Цикл рассказов Александра Хургина «Брунгильда и любовь. Из жизни евролюдей» не без остроумия обыгрывает национальные стереотипы. В основном в отношении немцев. И не только немцев.
Украинские колдуны
По части поэтических подборок июльского «Октября» мне трудно сказать что-либо: эти подборки напрочь выпали из моей памяти. Странное дело: и написанные в современной манере стихи Инги Кузнецовой, и более традиционные тексты Леонида Завальнюка вполне профессиональны. Но не оставляют по себе ни следа после прочтения.
Положение спасает третья, тематическая подборка «Октября», озаглавленная «Украинские колдуны». Дикорастущая поэзия трех ярких авторов – потаенного классика украинской литературы ХХ века Богдана-Игоря Антоныча, представителя следующего поколения Олега Лышеги и современного создателя модной прозы Сергея Жадана – впечатляет. И остается в памяти. Отдельная благодарность за это переводчику (и автору вступительной статьи) Андрею Пустогарову.
Куклы-роботы и проворный кролик
Анна Яблонская |
Читатели «Октября» узнают о таких достойных внимания специальностях, как технический писатель (технопис); сочинитель дипломов, курсовых и контрольных работ; автор сценариев к рекламным роликам; сценарист компьютерных игр; автор текстов для кукол-роботов; сценарист телесериалов; писатель рассказов на заказ (детских, юмористических, эротических).
Замечу, из всего этого разнообразия Владимир Жуков так ничего и не выбрал; поэтому опыт его литераторской работы имеет смысл счесть отрицательным.
В контрапункт к нему предъявлен иной опыт (Анна Яблонская, «Никуда не надо»). Яблонская (в отличие от Жукова) не искала работу, а, напротив, уволилась со своей работы и решила стать писательницей. Итог: листы бумаги на ее столе так и остались девственно чистыми… Трогательная парочка. Царь-колокол и Царь-пушка.
Далее: Валентина Голубовская («Александр Менделевич») вспоминает своего старого преподавателя А.М. Баренбойма, Мария Кретинина («Цветы небывалые») пишет о выставке художников «Голубой розы», а Наталья Рубанова («Возможность Уэльбека») – понятно о ком.

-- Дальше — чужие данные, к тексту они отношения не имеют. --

Lemma rk_ge S k : (forall gs, generates S gs -> (k <= size gs)%N) -> (k <= rk S)%N.
Proof.
move=> size_ge; rewrite /rk; case: ex_minnP => r + _.
by case: excluded_middle_informative => // -[gs [gsE gs_gen]] _; rewrite -gsE size_ge.
Qed.

End Span.

Lemma splinesP n m (lab : labeling n m) (f : vec n m) :
  reflect (forall a b, a != b -> f a - f b \in lab a b) (f \in splines lab).
Proof.
rewrite inE; apply: (iffP forallP) => [fS a b ab | fS a].
  by move/forallP/(_ b)/implyP: (fS a); apply.
by apply/forallP => b; apply/implyP; apply: fS.
Qed.

Lemma generates_ones_diff_ideal n m (S : {set vec n m}) gens d f a b :
    generates S (ones n m :: gens) -> (forall g, g \in gens -> forall v, g v \in ideal m d) ->
  f \in S -> f a - f b \in ideal m d.
Proof.
move=> [_ span] gens_d /span[c ->]; rewrite !sum_ffunE -sumrB; apply: ideal_sum => k.
rewrite !ffunMzE -mulrzBl; apply: idealMz.
case: (unliftP ord0 k) => [j ->|->] /=; last by rewrite !ffunE subrr ideal0.
by rewrite add0n idealB ?gens_d ?mem_nth.
Qed.

Section Extension.

Variables n m : nat.
Local Notation widen := (widen_ord (leqnSn n)).

Lemma widen_lift (j : 'I_n) : widen j = lift ord_max j.
Proof. by apply: val_inj; rewrite [RHS]lift_max. Qed.

Lemma widen_or_max (v : 'I_n.+1) : (exists j, v = widen j) \/ v = ord_max.
Proof.
case: (unliftP ord_max v) => [j ->|->]; last by right.
by left; exists j; rewrite widen_lift.
Qed.

Lemma widen_neq_max (j : 'I_n) : widen j != ord_max.
Proof. by rewrite -(inj_eq val_inj) /= neq_ltn ltn_ord. Qed.

Lemma eq_widen (a b : 'I_n) : (widen a == widen b) = (a == b).
Proof. by rewrite -!(inj_eq val_inj). Qed.

Definition restrict (F : vec n.+1 m) : vec n m := [ffun j => F (widen j)].

Definition extend (c : 'I_n) (f : vec n m) : vec n.+1 m :=
  [ffun v => if unlift ord_max v is Some j then f j else f c].

Lemma restrict_is_zmod_morphism : zmod_morphism restrict.
Proof. by move=> F G; apply/ffunP => j; rewrite !ffunE. Qed.

HB.instance Definition _ :=
  GRing.isZmodMorphism.Build (vec n.+1 m) (vec n m) restrict restrict_is_zmod_morphism.

Lemma extend_is_zmod_morphism c : zmod_morphism (extend c).
Proof. by move=> f g; apply/ffunP => v; rewrite !ffunE; case: unlift => [j|]; rewrite ?ffunE. Qed.

HB.instance Definition _ c :=
  GRing.isZmodMorphism.Build (vec n m) (vec n.+1 m) (extend c) (extend_is_zmod_morphism c).

Definition delta_last (x : 'Z_m) : vec n.+1 m :=
  [ffun v => if v == ord_max then x else 0].

Lemma extend_widen c f j : extend c f (widen j) = f j.
Proof. by rewrite ffunE widen_lift liftK. Qed.

Lemma extend_max c f : extend c f ord_max = f c.
Proof. by rewrite ffunE unlift_none. Qed.

Lemma delta_last_widen x j : delta_last x (widen j) = 0.
Proof. by rewrite ffunE (negbTE (widen_neq_max j)). Qed.

Lemma delta_last_max x : delta_last x ord_max = x.
Proof. by rewrite ffunE eqxx. Qed.

Lemma delta_last0 : delta_last 0 = 0.
Proof. by apply/ffunP => v; rewrite !ffunE if_same. Qed.

Lemma delta_lastMz x z : delta_last x *~ z = delta_last (x *~ z).
Proof. by apply/ffunP => v; rewrite ffunMzE !ffunE; case: eqP; rewrite ?mul0rz. Qed.

Lemma extend_restrict c F :
  F = extend c (restrict F) + delta_last (F ord_max - F (widen c)).
Proof.
apply/ffunP => v; rewrite ffunE.
have [[j ->]|->] := widen_or_max v; first by rewrite extend_widen delta_last_widen ffunE addr0.
by rewrite extend_max delta_last_max ffunE addrC subrK.
Qed.

Lemma restrict_extend c f : restrict (extend c f) = f.
Proof. by apply/ffunP => j; rewrite ffunE extend_widen. Qed.

Lemma restrict_delta_last x : restrict (delta_last x) = 0.
Proof. by apply/ffunP => j; rewrite !ffunE (negbTE (widen_neq_max j)). Qed.

Section Splines.

Variables (alpha : labeling n m) (beta : labeling n.+1 m).
Hypotheses (beta_widen : forall a b, beta (widen a) (widen b) = alpha a b)
  (beta_sym : forall a b, beta a b = beta b a)
  (alpha_ideal : forall a b, a != b -> exists d, alpha a b = ideal m d)
  (star_ideal : forall j, exists d, beta (widen j) ord_max = ideal m d).

Lemma restrict_spline F : F \in splines beta -> restrict F \in splines alpha.
Proof.
move=> /splinesP FS; apply/splinesP => a b ab; rewrite !ffunE -beta_widen.
by apply: FS; rewrite eq_widen.
Qed.

Lemma spline_star_edge F j :
  F \in splines beta -> F ord_max - F (widen j) \in beta (widen j) ord_max.
Proof. by move=> /splinesP FS; rewrite beta_sym FS // eq_sym widen_neq_max. Qed.

Lemma extend_spline c f : f \in splines alpha ->
    (forall j, f j - f c \in beta (widen j) ord_max) ->
  extend c f \in splines beta.
Proof.
move=> /splinesP fS f_star; apply/splinesP => a b.
have [[a' ->]|->] := widen_or_max a; have [[b' ->]|->] := widen_or_max b => ab.
- by rewrite !extend_widen beta_widen; apply: fS; move: ab; rewrite eq_widen.
- by rewrite extend_widen extend_max.
- rewrite extend_widen extend_max beta_sym -opprB.
  by have [d dE] := star_ideal b'; move: (f_star b'); rewrite dE; apply: idealN.
- by rewrite eqxx in ab.
Qed.

Lemma delta_last_spline x : (forall j, x \in beta (widen j) ord_max) ->
  delta_last x \in splines beta.
Proof.
move=> x_star; apply/splinesP => a b.
have [[a' ->]|->] := widen_or_max a; have [[b' ->]|->] := widen_or_max b => ab.
- have a'b' : a' != b' by move: ab; rewrite eq_widen.
  by rewrite !delta_last_widen subrr beta_widen; have [d ->] := alpha_ideal a'b'; apply: ideal0.
- by rewrite delta_last_widen delta_last_max sub0r; have [d dE] := star_ideal a';
    move: (x_star a'); rewrite dE; apply: idealN.
- by rewrite delta_last_widen delta_last_max subr0 beta_sym.
- by rewrite eqxx in ab.
Qed.

End Splines.

End Extension.

Arguments restrict {n m} F.
Arguments extend {n m} c f.
Arguments delta_last {n m} x.

Lemma intr_Zp_eq0 m (z : int) : (1 < m)%N -> ((z%:~R : 'Z_m) == 0) = (m%:Z %| z)%Z.
Proof.
move=> m_gt1; case: z => k; last rewrite NegzE mulrNz oppr_eq0.
  all: by rewrite -pmulrn -(inj_eq val_inj) /= val_Zp_nat.
Qed.

Lemma mulrz_Zp_eq0 m (x : 'Z_m) (z : int) : (1 < m)%N -> (m%:Z %| z)%Z -> x *~ z = 0.
Proof.
move=> m_gt1 mz; have /eqP z0 : (z%:~R : 'Z_m) == 0 by rewrite intr_Zp_eq0.
by rewrite -mulrzr z0 mulr0.
Qed.

Lemma vec_mulrz_Zp_eq0 n m (f : vec n m) (z : int) : (1 < m)%N -> (m%:Z %| z)%Z -> f *~ z = 0.
Proof. by move=> m_gt1 mz; apply/ffunP => v; rewrite ffunMzE mulrz_Zp_eq0 ?ffunE. Qed.

Section ModPQ.

Variables p q : nat.
Hypotheses (p_prime : prime p) (q_prime : prime q) (p_neq_q : p != q).
Local Notation m := (p * q)%N.

Lemma pq_gt1 : (1 < m)%N.
Proof. by rewrite (leq_trans (prime_gt1 p_prime)) // leq_pmulr // prime_gt0. Qed.

Lemma coprime_pq : coprime p q.
Proof. by rewrite prime_coprime // dvdn_prime2. Qed.

Lemma intr_pM_eq0 (z : int) : (((p%:Z * z)%:~R : 'Z_m) == 0) = (q%:Z %| z)%Z.
Proof.
by rewrite intr_Zp_eq0 ?pq_gt1 // PoszM dvdz_mul2l // eqz_nat -lt0n prime_gt0.
Qed.

Lemma ideal_mulrz_eq0 (x : 'Z_m) (z : int) :
  x \in ideal m p -> (q%:Z %| z)%Z -> x *~ z = 0.
Proof.
move=> /idealP[y ->]; rewrite -intr_pM_eq0 intrM mulrzr => /eqP pz0.
by rewrite mulrC -mulrzAr pz0 mulr0.
Qed.

Lemma ideal_mulrz_id (x : 'Z_m) (w : int) :
  x \in ideal m p -> (q%:Z %| w - 1)%Z -> x *~ w = x.
Proof.
move=> xp /(ideal_mulrz_eq0 xp); rewrite mulrzBr mulr1z => /eqP.
by rewrite subr_eq0 => /eqP.
Qed.

Lemma idealI_pq (x : 'Z_m) : x \in ideal m p -> x \in ideal m q -> x = 0.
Proof.
rewrite !mem_ideal ?pq_gt1 ?(dvdn_mulr _ (dvdnn p)) ?(dvdn_mull _ (dvdnn q)) // => px qx.
have : (m %| x)%N by rewrite Gauss_dvd ?coprime_pq ?px.
have x_lt : (x < m)%N by rewrite -[X in (_ < X)%N](Zp_cast pq_gt1).
by rewrite /dvdn modn_small // => /eqP x0; apply: val_inj.
Qed.

Lemma label_subset_ideal (L : {set 'Z_m}) d : d \in [:: p; q] ->
  L = ideal m p \/ L = ideal m q -> L \subset ideal m d -> L = ideal m d.
Proof.
have pq_facts e : e \in [:: p; q] -> [/\ prime e, (e %| m)%N & (e < m)%N].
  rewrite !inE => /orP[]/eqP->.
    by rewrite dvdn_mulr ?ltn_Pmulr ?prime_gt1 ?prime_gt0.
  by rewrite dvdn_mull ?ltn_Pmull ?prime_gt1 ?prime_gt0.
move=> /pq_facts[d_pr dm d_lt] LE; have [e e_pq ->] : exists2 e, e \in [:: p; q] & L = ideal m e.
  by case: LE => ->; [exists p | exists q]; rewrite // !inE eqxx ?orbT.
have [e_pr em e_lt] := pq_facts e e_pq.
by move/(ideal_subset_prime pq_gt1 e_pr d_pr em dm e_lt) => ->.
Qed.

Lemma bezout_modq (d : int) : ~~ (q%:Z %| d)%Z -> exists u : int, (q%:Z %| u * (p%:Z * d) - 1)%Z.
Proof.
move=> q_ndvd_d; have : coprimez (p%:Z * d) q.
  by rewrite coprimezMl !coprimezE /= coprime_pq coprime_sym prime_coprime.
case/coprimezP => -[u v] /= uvE; exists u.
by rewrite (_ : _ - 1 = - v * q%:Z) ?dvdz_mull // -uvE; ring.
Qed.

Lemma vec_mulrz_p_modq n (f : vec n m) (c : int) :
  f *~ (p%:Z * c) = f *~ (p%:Z * (c %% q)%Z).
Proof.
rewrite {1}(divz_eq c q) mulrDr mulrzDr vec_mulrz_Zp_eq0 ?pq_gt1 ?add0r //.
by rewrite PoszM mulrCA dvdz_mull // mulrC dvdzz.
Qed.

Lemma modz_prime_lt (c : int) : (`|(c %% q)%Z| < q)%N.
Proof.
have q_gt0 : (0 < q)%N := prime_gt0 q_prime.
by rewrite -ltz_nat gez0_abs ?modz_ge0 ?ltz_pmod // eqz_nat -lt0n.
Qed.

Аркадий Райкин однажды представил осовремененного доктора Панталоне – директора «исследовательского института смеховедения», автора «трактата о смехе» («смех бывает оптимистический и пессимистический, идейный и безыдейный…»).
Панталоне бессмертен – об этом думалось мне, когда я читал «статью-поэму» Михаила Эпштейна «Любовные имена. Введение в эротонимику». Эротонимика, если кто еще не знает, – наука о любовной речи (до такого и Райкин не додумался). Написана «статья-поэма» как бы не всерьез («поэма» ведь), однако с цитатами из Лосева и в эдакой стилистике: «Любовь соотносится с бесконечным классом объектов, от родины до мороженого, но даже если ограничить ее подклассом любимых и желанных существ…»

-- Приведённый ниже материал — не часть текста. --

Lemma Rintegral_setT_itv (R : realType) (g k : R -> R) (a b : R) :
  (forall s, s \notin `[a, b] -> g s = 0) -> {in `[a, b], g =1 k} ->
  \int[lebesgue_measure]_(s in setT) g s = \int[lebesgue_measure]_(s in `[a, b]) k s.
Proof.
move=> g_out g_in; rewrite [RHS]Rintegral_mkcond; apply: eq_Rintegral => s _.
rewrite patchE; case: ifPn => [/set_mem|/negP sI]; first exact: g_in.
by rewrite g_out //; apply/negP => /mem_set.
Qed.
Arguments Rintegral_setT_itv {R g} k a b.

Section allocation_by_parts.
Context {R : realType}.
Notation mu := (@lebesgue_measure R).
Variables (a b : R) (U phi f df : R -> R).
Hypothesis ab : a <= b.
Hypothesis subgradient : forall s t, s \in `[a, b] -> t \in `[a, b] ->
  (t - s) * phi s <= U t - U s.
Hypotheses (fc : {within `[a, b], continuous f})
  (fd : forall s, s \in `]a, b[ -> is_derive s 1 f (df s))
  (dfc : {within `[a, b], continuous df}).

Let continuous_quadratic : continuous (fun t : R => 2 * t * (1 - t)).
Proof.
move=> t; apply: cvgM; first by apply: cvgM; [exact: cvg_cst | exact: cvg_id].
by apply: cvgB; [exact: cvg_cst | exact: cvg_id].
Qed.

Let continuous_affine : continuous (fun t : R => 2 * (1 - 2 * t)).
Proof.
move=> t; apply: cvgM; first exact: cvg_cst.
by apply: cvgB; [exact: cvg_cst | apply: cvgM; [exact: cvg_cst | exact: cvg_id]].
Qed.

(* The two integrands are f_{+1} A and f_{-1} B, written through the indirect
   utility U and phi = A + B: A = U + (1 - s) phi and B = s phi - U. *)
Lemma allocation_integral_by_parts :
  2^-1 * \int[mu]_(s in `[a, b]) (2 * s * f s * (U s + (1 - s) * phi s)) +
  2^-1 * \int[mu]_(s in `[a, b]) (2 * (1 - s) * f s * (s * phi s - U s)) =
  - Rintegral mu `[a, b]
      (fun s => (3 * (1 - 2 * s) * f s + 2 * s * (1 - s) * df s) * U s)
  + 2 * b * (1 - b) * f b * U b - 2 * a * (1 - a) * f a * U a.
Proof.
pose h t := 2 * t * (1 - t) * f t.
pose dh t := 2 * (1 - 2 * t) * f t + 2 * t * (1 - t) * df t.
have hc : {within `[a, b], continuous h}.
  exact: within_continuousM (continuous_subspaceT continuous_quadratic) fc.
have hd s : s \in `]a, b[ -> is_derive s 1 h (dh s).
  by move=> sI; apply: is_derive_quadratic_mul; exact: fd.
have dhc : {within `[a, b], continuous dh}.
  apply: within_continuousD.
    exact: within_continuousM (continuous_subspaceT continuous_affine) fc.
  exact: within_continuousM (continuous_subspaceT continuous_quadratic) dfc.
have bU := bounded_measurable_potential ab subgradient.
have bphi := bounded_measurable_subgradient ab subgradient.
have bf := continuous_bounded_measurable ab fc.
have bdf := continuous_bounded_measurable ab dfc.
have bid : bounded_measurable_on a b (fun t => t).
  apply: continuous_bounded_measurable ab _.
  by apply: continuous_subspaceT => z; exact: cvg_id.
rewrite -mulrDr -RintegralD // -?RintegralZl //;
  try by apply: bounded_measurable_integrable_itv; bounded_measurable.
transitivity (h b * U b - h a * U a - Rintegral mu `[a, b]
  (fun s => (3 * (1 - 2 * s) * f s + 2 * s * (1 - s) * df s) * U s));
  last by rewrite /h; ring.
rewrite -(Rintegral_subgradient_by_parts ab subgradient hc hd dhc) -RintegralB //;
  try by apply: bounded_measurable_integrable_itv; bounded_measurable.
by apply: eq_Rintegral => s _; rewrite /dh /h; field.
Qed.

Время от времени среди академических терний подобного рода проглядывают цветочки красноречия, типа того, что для влюбленного в Розу весь мир розовый, а для влюбленного в Инну – синий. Замечательны также придуманные Эпштейном неологизмы
«иринчатое», «иринистое», «ириненькое», «ириннейшее» и проч.) вкупе с прилагающимися к ним комментариями.

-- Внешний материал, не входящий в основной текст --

(* Let $(\mathcal H,X)$ be a stable arrangement of $n$ hyperplanes in $\mathbb R^d$, $\mathcal C=\mathrm{code}(\mathcal H,X)$, and let $F\in\Gamma(\mathcal C)$ be a face with $|F|<n$ such that the region $R_F$ is nonempty. Then $(\{H_i^+\cap R_F\}_{i\notin\underline F},R_F)$ is a stable arrangement. Moreover, the nerve of $\{H_i^+\cap R_F,\ H_i^-\cap R_F\}_{i\in[n]\setminus\underline F}$ (vertex $i$ for $H_i^+\cap R_F$, vertex $\bar i$ for $H_i^-\cap R_F$) is either collapsible or equal to $\Gamma(2^{[n]\setminus\underline F})$.
   Context: An oriented affine hyperplane is $H_i=\{x:w_i\cdot x-h_i=0\}$ with $w_i\neq0$, $H_i^+=\{w_i\cdot x-h_i>0\}$, $H_i^-=\{w_i\cdot x-h_i<0\}$. For hyperplanes $\{H_i\}_{i\in I}$ and open convex $Y$, the atom of $\sigma\subseteq I$ is $\bigl(\bigcap_{i\in\sigma}(H_i^+\cap Y)\bigr)\setminus\bigcup_{j\in I\setminus\sigma}H_j^+$ (for $\sigma=\emptyset$: $Y\setminus\bigcup_iH_i^+$), the code is the set of $\sigma$ with nonempty atom, and the arrangement is stable if $Y$ is open convex and for every $\sigma\subseteq I$ with $Y\cap\bigcap_{i\in\sigma}H_i\neq\emptyset$, $\dim\bigcap_{i\in\sigma}H_i=d-|\sigma|$. The polar complex $\Gamma(\mathcal C)$ is the simplicial complex on $[n]\sqcup\{\bar1,\dots,\bar n\}$ of all subsets of $\Sigma(\sigma)=\sigma\sqcup\{\bar i:i\notin\sigma\}$, $\sigma\in\mathcal C$. A face $F$ is written $F=F^+\sqcup\{\bar j:j\in F^-\}$ with $F^\pm\subseteq[n]$; its support is $\underline F=F^+\cup F^-$, and $R_F=X\cap\bigcap_{i\in F^+}H_i^+\cap\bigcap_{j\in F^-}H_j^-$. For $S\subseteq[n]$, $\Gamma(2^S)$ is the complex on $S\sqcup\{\bar i:i\in S\}$ whose faces are the subsets containing no pair $\{i,\bar i\}$. The nerve of $\{V_v\}_{v\in V}$ is $\{S\subseteq V:\bigcap_{v\in S}V_v\ne\emptyset\}$. A free pair in a complex $\Delta$ is $(\sigma,\tau)$ with $\tau$ a facet, $\sigma\subsetneq\tau$, $\sigma$ in no other facet; collapsing along $\sigma$ gives $\{\nu\in\Delta:\nu\not\supseteq\sigma\}$; $\Delta$ is collapsible if finitely many collapses yield the void complex $\{\}$. *)

From HB Require Import structures.
From mathcomp Require Import all_boot all_order all_algebra.
From mathcomp Require Import all_classical all_reals all_analysis.
Set Implicit Arguments. Unset Strict Implicit. Unset Printing Implicit Defensive.
Import Order.TTheory GRing.Theory Num.Theory.
Import numFieldNormedType.Exports.
Local Open Scope classical_set_scope.
Local Open Scope ring_scope.

Section Arrangements.
Variables (R : realType) (d n : nat).
Implicit Types (w : 'I_n -> 'rV[R]_d) (h : 'I_n -> R) (Y A : set 'rV[R]_d).

Definition dotv (u v : 'rV[R]_d) : R := \sum_(j < d) u 0 j * v 0 j.

Definition hyp w h (i : 'I_n) : set 'rV[R]_d := [set x | dotv (w i) x - h i = 0].
Definition hpos w h (i : 'I_n) : set 'rV[R]_d := [set x | dotv (w i) x - h i > 0].
Definition hneg w h (i : 'I_n) : set 'rV[R]_d := [set x | dotv (w i) x - h i < 0].

Definition convex_set_rV Y : Prop :=
  forall x y, Y x -> Y y -> forall t : R, 0 <= t -> t <= 1 ->
    Y ((1 - t) *: x + t *: y).

(* affine dimension of a nonempty set A: dimension of its affine hull,
   i.e. the least dimension of a linear subspace V with A contained in a + V *)
Definition affine_dim A (k : nat) : Prop :=
  (exists x, A x) /\
  (exists (a : 'rV[R]_d) (V : {vspace 'rV[R]_d}),
      \dim V = k /\ forall x, A x -> x - a \in V) /\
  (forall (a : 'rV[R]_d) (V : {vspace 'rV[R]_d}),
      (forall x, A x -> x - a \in V) -> (k <= \dim V)%N).

Definition hypint w h (sigma : {set 'I_n}) : set 'rV[R]_d :=
  [set x | forall i, i \in sigma -> hyp w h i x].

Эпштейн может сказать, что это юмор и пародия. Пускай юмор и пародия, все равно шарлатанство, сотворенное в расчете на гранты «политкорректных» международных фондов. Если даже шарлатанство юмористическое, от этого не легче.
Все рецензии седьмого номера «Октября» связаны с поэзией. Вера Калмыкова рецензирует стихи Ивана Волкова, Инна Ростовцева – поэтические опыты прозаика Бориса Евсеева, Елена Погорелая – сборник Александра Климова-Южина. Кирилл Кобрин пишет о голландском поэте Яне Хендрике Леополде.
Завершается номер заметкой Григория Заславского о знаменитом парижском кабаре «Проворный кролик».
На этом все тернии и розы июльского «Октября» исчерпаны.